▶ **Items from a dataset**

⁂

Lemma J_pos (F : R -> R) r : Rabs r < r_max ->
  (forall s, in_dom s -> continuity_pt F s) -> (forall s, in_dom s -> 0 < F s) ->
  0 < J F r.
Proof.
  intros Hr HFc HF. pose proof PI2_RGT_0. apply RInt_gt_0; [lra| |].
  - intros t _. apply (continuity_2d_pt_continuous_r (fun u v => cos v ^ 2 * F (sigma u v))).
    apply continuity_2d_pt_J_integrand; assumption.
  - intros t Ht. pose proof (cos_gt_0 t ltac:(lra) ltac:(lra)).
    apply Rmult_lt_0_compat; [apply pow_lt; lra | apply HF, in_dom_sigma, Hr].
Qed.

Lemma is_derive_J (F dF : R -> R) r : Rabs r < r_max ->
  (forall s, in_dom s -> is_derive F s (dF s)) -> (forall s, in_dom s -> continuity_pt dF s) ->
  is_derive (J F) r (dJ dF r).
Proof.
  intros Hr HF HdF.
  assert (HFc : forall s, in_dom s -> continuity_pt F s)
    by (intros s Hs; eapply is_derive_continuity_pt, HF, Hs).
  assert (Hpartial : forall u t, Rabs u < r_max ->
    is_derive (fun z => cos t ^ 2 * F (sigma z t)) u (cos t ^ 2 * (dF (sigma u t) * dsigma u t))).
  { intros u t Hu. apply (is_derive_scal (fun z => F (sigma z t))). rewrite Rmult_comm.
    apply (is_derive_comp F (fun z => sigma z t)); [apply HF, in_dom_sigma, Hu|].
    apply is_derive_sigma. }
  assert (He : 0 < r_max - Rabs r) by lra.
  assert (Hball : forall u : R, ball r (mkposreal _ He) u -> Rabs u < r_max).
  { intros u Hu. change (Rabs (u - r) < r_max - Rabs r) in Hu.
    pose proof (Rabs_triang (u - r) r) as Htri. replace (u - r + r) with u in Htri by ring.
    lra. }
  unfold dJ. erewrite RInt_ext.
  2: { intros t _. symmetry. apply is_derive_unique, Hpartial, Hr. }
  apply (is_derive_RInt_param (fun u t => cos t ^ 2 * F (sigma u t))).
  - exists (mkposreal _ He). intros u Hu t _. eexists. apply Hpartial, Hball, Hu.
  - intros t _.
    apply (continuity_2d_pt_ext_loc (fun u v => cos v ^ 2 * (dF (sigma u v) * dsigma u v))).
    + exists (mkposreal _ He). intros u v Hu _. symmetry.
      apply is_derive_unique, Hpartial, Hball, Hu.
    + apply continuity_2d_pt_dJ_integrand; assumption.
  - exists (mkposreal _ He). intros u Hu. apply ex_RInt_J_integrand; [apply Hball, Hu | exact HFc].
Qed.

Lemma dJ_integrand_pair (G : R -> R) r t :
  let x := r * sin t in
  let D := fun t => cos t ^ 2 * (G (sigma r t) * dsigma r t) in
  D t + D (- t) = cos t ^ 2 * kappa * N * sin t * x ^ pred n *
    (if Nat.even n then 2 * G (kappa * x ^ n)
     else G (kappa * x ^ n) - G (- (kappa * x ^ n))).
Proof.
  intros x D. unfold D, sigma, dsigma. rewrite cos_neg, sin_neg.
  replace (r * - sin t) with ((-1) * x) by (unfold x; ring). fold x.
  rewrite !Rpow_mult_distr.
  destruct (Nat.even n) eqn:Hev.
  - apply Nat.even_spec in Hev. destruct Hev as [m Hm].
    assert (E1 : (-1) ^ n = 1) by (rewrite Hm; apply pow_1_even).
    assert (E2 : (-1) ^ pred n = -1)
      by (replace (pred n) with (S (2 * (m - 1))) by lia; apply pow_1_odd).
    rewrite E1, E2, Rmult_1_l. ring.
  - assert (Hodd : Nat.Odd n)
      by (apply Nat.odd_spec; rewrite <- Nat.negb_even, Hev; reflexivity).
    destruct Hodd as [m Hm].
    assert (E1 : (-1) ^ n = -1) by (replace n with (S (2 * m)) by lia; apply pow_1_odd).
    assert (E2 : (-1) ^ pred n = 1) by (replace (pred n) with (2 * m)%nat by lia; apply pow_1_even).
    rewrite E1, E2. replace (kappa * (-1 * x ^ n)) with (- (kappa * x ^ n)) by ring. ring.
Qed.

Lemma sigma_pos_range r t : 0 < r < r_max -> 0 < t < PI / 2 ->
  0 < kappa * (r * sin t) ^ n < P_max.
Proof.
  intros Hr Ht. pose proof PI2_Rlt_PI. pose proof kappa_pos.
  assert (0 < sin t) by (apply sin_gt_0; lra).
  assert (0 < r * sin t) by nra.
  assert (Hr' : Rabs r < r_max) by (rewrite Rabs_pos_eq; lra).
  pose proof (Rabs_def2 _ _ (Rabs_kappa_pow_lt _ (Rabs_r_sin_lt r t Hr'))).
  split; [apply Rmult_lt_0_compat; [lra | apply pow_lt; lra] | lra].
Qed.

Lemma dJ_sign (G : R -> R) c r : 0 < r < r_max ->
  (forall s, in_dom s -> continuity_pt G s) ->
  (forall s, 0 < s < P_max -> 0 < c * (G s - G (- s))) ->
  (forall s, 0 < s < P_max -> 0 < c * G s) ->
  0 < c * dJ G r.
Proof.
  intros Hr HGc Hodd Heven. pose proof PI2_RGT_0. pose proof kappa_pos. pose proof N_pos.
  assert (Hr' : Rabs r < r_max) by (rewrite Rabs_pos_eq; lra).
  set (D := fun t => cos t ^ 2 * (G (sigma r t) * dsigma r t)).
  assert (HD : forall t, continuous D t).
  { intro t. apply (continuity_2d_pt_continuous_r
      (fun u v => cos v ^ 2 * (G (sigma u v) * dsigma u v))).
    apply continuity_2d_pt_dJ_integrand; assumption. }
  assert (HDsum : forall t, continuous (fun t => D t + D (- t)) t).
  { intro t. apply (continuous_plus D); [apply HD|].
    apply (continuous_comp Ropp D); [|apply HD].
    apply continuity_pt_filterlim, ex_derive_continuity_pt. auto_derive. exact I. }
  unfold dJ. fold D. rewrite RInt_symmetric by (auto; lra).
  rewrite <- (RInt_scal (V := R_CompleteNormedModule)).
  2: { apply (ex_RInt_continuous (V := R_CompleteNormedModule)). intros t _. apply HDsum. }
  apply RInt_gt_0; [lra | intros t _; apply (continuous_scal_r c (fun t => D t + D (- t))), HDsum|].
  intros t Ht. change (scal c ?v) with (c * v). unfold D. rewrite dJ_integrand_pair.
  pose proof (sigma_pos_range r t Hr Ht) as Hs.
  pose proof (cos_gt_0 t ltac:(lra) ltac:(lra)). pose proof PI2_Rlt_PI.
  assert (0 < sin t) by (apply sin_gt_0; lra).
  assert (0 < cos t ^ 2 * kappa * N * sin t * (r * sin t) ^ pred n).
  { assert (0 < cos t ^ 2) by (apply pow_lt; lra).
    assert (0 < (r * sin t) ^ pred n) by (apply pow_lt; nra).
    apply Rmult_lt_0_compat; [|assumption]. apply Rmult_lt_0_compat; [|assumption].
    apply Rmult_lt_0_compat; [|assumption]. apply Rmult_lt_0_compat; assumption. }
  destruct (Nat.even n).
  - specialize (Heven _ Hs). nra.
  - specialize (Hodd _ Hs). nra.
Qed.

⁂

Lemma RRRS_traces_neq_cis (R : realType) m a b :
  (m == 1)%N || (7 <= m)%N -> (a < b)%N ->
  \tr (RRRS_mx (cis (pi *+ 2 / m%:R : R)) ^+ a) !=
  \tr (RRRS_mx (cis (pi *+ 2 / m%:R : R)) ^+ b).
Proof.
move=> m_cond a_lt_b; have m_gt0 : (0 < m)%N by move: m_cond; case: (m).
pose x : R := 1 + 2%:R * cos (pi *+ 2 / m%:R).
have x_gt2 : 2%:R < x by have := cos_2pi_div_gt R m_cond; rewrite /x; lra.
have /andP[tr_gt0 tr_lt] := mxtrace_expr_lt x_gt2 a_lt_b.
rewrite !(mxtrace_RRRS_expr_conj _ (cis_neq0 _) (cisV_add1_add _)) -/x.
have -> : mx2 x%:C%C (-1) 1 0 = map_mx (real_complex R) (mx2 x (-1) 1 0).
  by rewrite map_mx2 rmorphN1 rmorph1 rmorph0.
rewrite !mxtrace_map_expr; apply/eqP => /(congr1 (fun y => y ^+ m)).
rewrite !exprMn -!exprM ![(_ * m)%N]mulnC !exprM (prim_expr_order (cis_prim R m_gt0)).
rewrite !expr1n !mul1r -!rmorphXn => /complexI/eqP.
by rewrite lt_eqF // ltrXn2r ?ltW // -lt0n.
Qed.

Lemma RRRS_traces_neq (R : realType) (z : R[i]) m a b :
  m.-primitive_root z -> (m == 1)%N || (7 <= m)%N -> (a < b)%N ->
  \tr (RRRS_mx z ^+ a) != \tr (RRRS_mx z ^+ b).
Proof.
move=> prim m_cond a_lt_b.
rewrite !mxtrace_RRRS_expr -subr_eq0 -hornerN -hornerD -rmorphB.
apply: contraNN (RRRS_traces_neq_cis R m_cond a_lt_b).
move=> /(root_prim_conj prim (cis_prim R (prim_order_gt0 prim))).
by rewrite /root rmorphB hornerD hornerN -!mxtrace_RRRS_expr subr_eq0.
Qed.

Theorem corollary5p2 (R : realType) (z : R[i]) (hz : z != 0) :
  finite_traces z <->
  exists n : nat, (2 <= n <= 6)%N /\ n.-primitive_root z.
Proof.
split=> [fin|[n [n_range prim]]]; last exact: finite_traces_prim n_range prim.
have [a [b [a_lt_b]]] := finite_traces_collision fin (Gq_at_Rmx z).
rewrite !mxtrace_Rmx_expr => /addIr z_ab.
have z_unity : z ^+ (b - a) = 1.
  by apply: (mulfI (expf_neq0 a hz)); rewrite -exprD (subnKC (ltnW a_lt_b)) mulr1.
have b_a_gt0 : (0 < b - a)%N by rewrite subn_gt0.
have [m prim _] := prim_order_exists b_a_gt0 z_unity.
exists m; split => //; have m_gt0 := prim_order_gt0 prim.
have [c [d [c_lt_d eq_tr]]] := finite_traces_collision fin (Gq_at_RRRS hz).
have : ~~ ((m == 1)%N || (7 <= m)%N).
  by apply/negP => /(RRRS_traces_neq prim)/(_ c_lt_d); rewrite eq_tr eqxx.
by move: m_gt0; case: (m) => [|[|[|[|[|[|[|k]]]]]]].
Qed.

⁂

Would you print exactly, and only, the lines of the data above from the line with "Lemma J_pos (F" through the line with "- intros t _. apply", inclusive?

▶ **Your solution**
Lemma J_pos (F : R -> R) r : Rabs r < r_max ->
  (forall s, in_dom s -> continuity_pt F s) -> (forall s, in_dom s -> 0 < F s) ->
  0 < J F r.
Proof.
  intros Hr HFc HF. pose proof PI2_RGT_0. apply RInt_gt_0; [lra| |].
  - intros t _. apply (continuity_2d_pt_continuous_r (fun u v => cos v ^ 2 * F (sigma u v))).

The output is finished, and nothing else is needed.